In an affidavit supporting the Motion the Plaintiffs stated that all mortgage payments were up to date and that consequently the Defendant had no right to sell the properties although the Plaintiffs admitted that they had not repaid the capital sum of $300,000.00 and other charges due under the mortgage. They gave no undertaking in damages either in their affidavit or through their counsel.
The Defendant claims that it has the right to sell the properties notwithstanding the mortgage payments have never fallen into arrears because it says that the Plaintiffs have made no effort to pay the capital sum owing despite numerous promises to do so.
By letter dated 5th January 1999 the Defendant informed the Plaintiffs that it was unable to continue with banking facilities to the group and required full payment of the entire indebtedness no later than 31st January 1999.
I am satisfied that the Plaintiffs never kept numerous promises either to refinance their loan or sell the properties in question. The Defendant contends in these circumstances it has the right to tell the Plaintiffs it no longer wishes them to be its customers.
I refused to grant the Injunctions on the ground that the fact that no undertaking in damages had been given by the Plaintiffs was sufficient to refuse the application for Injunctions and relied on the decision of the Full Court of Victoria in National Australia Bank Ltd and Others v. Bond Brewing Holdings Ltd and Others [1991] VicRp 31; (1991) 1 V.R. 386, the judgment of the Full Court commencing at page 530.
In that case the Full Court held that the Judge at first instance had no right to appoint Receivers in the absence of an undertaking as to damages by the Plaintiffs because the Court had no power to award damages to the companies for any harm suffered by reason of the erroneous order appointing the Receivers.
The judgment of Brooking J. is particularly helpful on this question. For example at page 601 he said:
“On occasions it has been expressly said that without the usual undertaking the party enjoined is without remedy for the loss which the injunction has caused. The body of authority is substantial.”
He then cited numerous authorities for that proposition.
Then at page 602 he said:
“We were not referred to, nor have I been able to find, anything a judge has ever said suggesting that damages may be awarded in the absence of the undertaking, always, assuming of course that no wrong known to the law has been committed. All the authorities point the other way. This is not in the least surprising. Equity has its own means - an anticipatory one - of avoiding injustice, by refusing to grant an injunction or appoint a receiver by interim or interlocutory order except on terms. The applicant can take the order or leave it, but if he takes it he does so on terms which make clear, once recourse is had to the authorities, the extent to which he is at risk in relation to damages.”
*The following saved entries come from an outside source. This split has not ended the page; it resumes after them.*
Lemma pos_level_of_measure_gt0 (mu : {measure set U -> \bar R}) f : measurable_fun setT f ->
  (0 < mu [set x | (0 < f x)%R])%E -> exists2 e : R, 0 < e & (0 < mu (f @^-1` `]e, +oo[))%E.
Proof.
move=> mf mu_pos; apply: contrapT => none.
have null k : mu (f @^-1` `](k.+1%:R)^-1, +oo[) = 0.
  apply/eqP; rewrite eq_le measure_ge0 andbT leNgt; apply/negP => gt0.
  by apply: none; exists (k.+1%:R)^-1 => //; rewrite invr_gt0 ltr0n.
have mpre (e : R) : measurable (f @^-1` `]e, +oo[).
  by rewrite -[X in measurable X]setTI; exact: (mf measurableT _ (measurable_itv _)).
suff : (mu [set x | (0 < f x)%R] <= \sum_(k <oo) mu (f @^-1` `](k.+1%:R)^-1%R, +oo[))%E.
  by rewrite eseries0 ?leNgt ?mu_pos // => k _ _; rewrite null.
apply: measure_sigma_subadditive => //.
  by rewrite (_ : [set x | _] = f @^-1` `]0, +oo[) //; apply/seteqP; split => x /=;
    rewrite in_itv /= andbT.
move=> x /= fx0; have xi : 0 <= (f x)^-1 by rewrite invr_ge0 ltW.
exists (Num.Def.archi_bound (f x)^-1) => //=; rewrite in_itv /= andbT.
rewrite invf_plt ?posrE ?ltr0n //; apply: (lt_trans (archi_boundP xi)).
by rewrite ltr_nat.
Qed.

End measurable_sets.

Section ereal_series.
Context {R : realType}.
Local Open Scope ereal_scope.

Lemma nneseries_mulr_ratio (f : nat -> \bar R) (r b : R) : (forall n, 0 <= f n) ->
  (0 <= r)%R -> \sum_(n <oo) (f n * r%:E) = 1 ->
  r != 0%R /\ \sum_(n <oo) (f n * b%:E) = (b / r)%:E.
Proof.
move=> f0 r0; have sumZ c : \sum_(n <oo) (f n * c%:E) = c%:E * \sum_(n <oo) f n.
  by rewrite -nneseriesZl //; apply: eq_eseriesr => n _; rewrite muleC.
rewrite !sumZ; have : 0 <= \sum_(n <oo) f n by exact: nneseries_ge0.
case: (\sum_(n <oo) f n) => [x _ [rx1]| _|//].
  have rn0 : r != 0%R by apply: contra_eq_neq rx1 => ->; rewrite mul0r eq_sym oner_eq0.
  have -> : x = r^-1%R by apply: (mulfI rn0); rewrite rx1 mulfV.
  by split => //; rewrite -EFinM.
move: r0; rewrite le_eqVlt => /predU1P[<-|r0].
  by rewrite mul0e => /esym/eqP; rewrite onee_eq0.
by rewrite muleC gt0_mulye ?lte_fin.
Qed.

End ereal_series.

Lemma le_expr_eq0 (R : realType) (x q : R) : 0 < q -> q <= 1 -> 0 <= x ->
  (forall N, x <= (1 - q) ^+ N) -> x = 0.
Proof.
move=> q0 q1 x0 le_pow; apply/le_anti; rewrite x0 andbT.
have lt1 : `|1 - q| < 1 by rewrite ger0_norm ?subr_ge0 // ltrBlDr ltrDl.
have cvg0 : (fun n => (1 - q) ^+ n) @ \oo --> 0 := cvg_expr lt1.
rewrite -(cvg_lim _ cvg0) //.
by apply: limr_ge; [exact: cvgP cvg0|near=> N; exact: le_pow].
Unshelve. all: by end_near.
Qed.

(* [g_sigma_algebraType] needs a pointed carrier, and [nat -> R] has no such instance. *)
Definition realseq (R : realType) := nat -> R.
HB.instance Definition _ (R : realType) := Choice.on (realseq R).
HB.instance Definition _ (R : realType) := isPointed.Build (realseq R) (fun=> 0).

Section boxes.
Context {R : realType}.
Implicit Types (B C : nat -> set R) (A : set (realseq R)).

Definition prefix_box n B : set (realseq R) := [set s | forall i, (i < n)%N -> B i (s i)].
Definition avoids_box K B N : set (realseq R) :=
  [set s | forall j, (j < N)%N -> ~ prefix_box K B (shiftn (j * K) s)].
(* [<<s boxes_of n >>] is the sigma-algebra generated by the first n coordinates and
   [<<s boxes >>] the product sigma-algebra. *)
Definition boxes_of n := prefix_box n @` [set B | forall i, measurable (B i)].
Definition boxes := \bigcup_n boxes_of n.

Lemma prefix_boxT n : prefix_box n (fun=> setT) = setT.
Proof. by apply/seteqP; split. Qed.

Lemma prefix_box_cat m n B C :
  prefix_box m B `&` shiftn m @^-1` prefix_box n C =
  prefix_box (m + n) (fun i => if (i < m)%N then B i else C (i - m)%N).
Proof.
apply/seteqP; split => s /=.
  move=> [Bs Cs] i imn; case: ifPn => [/Bs//|]; rewrite -leqNgt => mi.
  by have := Cs (i - m)%N; rewrite /shiftn subnKC //; apply; lia.
move=> BCs; split => [i im|i ilt]; first by have := BCs i; rewrite im; apply; lia.
by have := BCs (m + i)%N; rewrite ifN ?addKn; [apply; lia|lia].
Qed.

Lemma setI_closed_boxes_of n : setI_closed (boxes_of n).
Proof.
move=> _ _ [B mB <-] [C mC <-]; exists (fun i => B i `&` C i).
  by move=> i; exact: measurableI.
by apply/seteqP; split => s /= BCs; [split => i /BCs[]|move=> i ilt; split; apply BCs].
Qed.

Lemma setI_closed_boxes : setI_closed boxes.
Proof.
move=> _ _ [m _ [B mB <-]] [n _ [C mC <-]].
pose ext k (D : nat -> set R) i := if (i < k)%N then D i else setT.
exists (maxn m n) => //; exists (fun i => ext m B i `&` ext n C i).
  by move=> i; apply: measurableI; rewrite /ext; case: ifP.
apply/seteqP; split => s /=.
  move=> BCs; split => i lt.
    by have := BCs i; rewrite /ext lt leq_max lt => /(_ isT) [].
  by have := BCs i; rewrite /ext lt leq_max lt orbT => /(_ isT) [].
move=> [Bs Cs] i _; rewrite /ext.
by split; case: ifPn => // lt; [exact: Bs i lt|exact: Cs i lt].
Qed.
These two statements by Brooking J. may be summarised in one sentence: The Court has no jurisdiction to award damages to the party injuncted in the absence of an undertaking in damages by the party seeking the injunction.
During my oral reasons I also stated that in my opinion a Banker was entitled to tell a customer who had failed to honour promises to reduce a debt owing to the Bank that it did not wish to continue the Banker-Customer relationship with him. I said that I considered this was simply a matter of common sense but I had no time when delivering my judgment to research any law on the subject. This I have now been able to do by referring to Paget’s Law of Banking, 9th Edition at pages 70 - 72. At page 70 the authors say:
“The relationship of banker to customer is one of contract, though for long this way of looking at the matter seemed not to have attracted much attention in the courts.”
A little later they say:
“The general contract is a simple, indivisible contract (see Atkin LJ, in Joachimson v. Swiss Bank Corporation, (1921) 3 KB 110 at 127), though with many facets; it arises the moment the parties agree to enter into contractual relations with each other (see Salmon J. in Woods v. Martins Bank Ltd (1959) 1 QB at 63, (1958) 3 ALL ER 166 AT 173) and continues until brought to an end by consent or (perhaps) by revocation by either party; it is a contract which is unwritten and undefined by the parties - in other words, it is implied.”
In Prosperity Limited v. Lloyds Bank Limited (1923) 39 TLR 372 McCardie J. held that in the absence of special stipulation a banker can close his customer’s banking account in credit only on giving him a reasonable notice, dependent on the nature of the account and the facts and circumstances of the case.
In the instant case I am satisfied that more than adequate notice was given to the Plaintiffs of the Bank’s insistence that they repay their debt. On their failure to do so I am satisfied that as a matter of law the Bank was entitled to refuse to have them as its customers any longer. Accordingly I refused to grant the injunction.
Since delivering my oral reasons, I note that on 13th July 2001 the Plaintiffs wholly discontinued their action against the Bank by Notice of Discontinuance filed that day.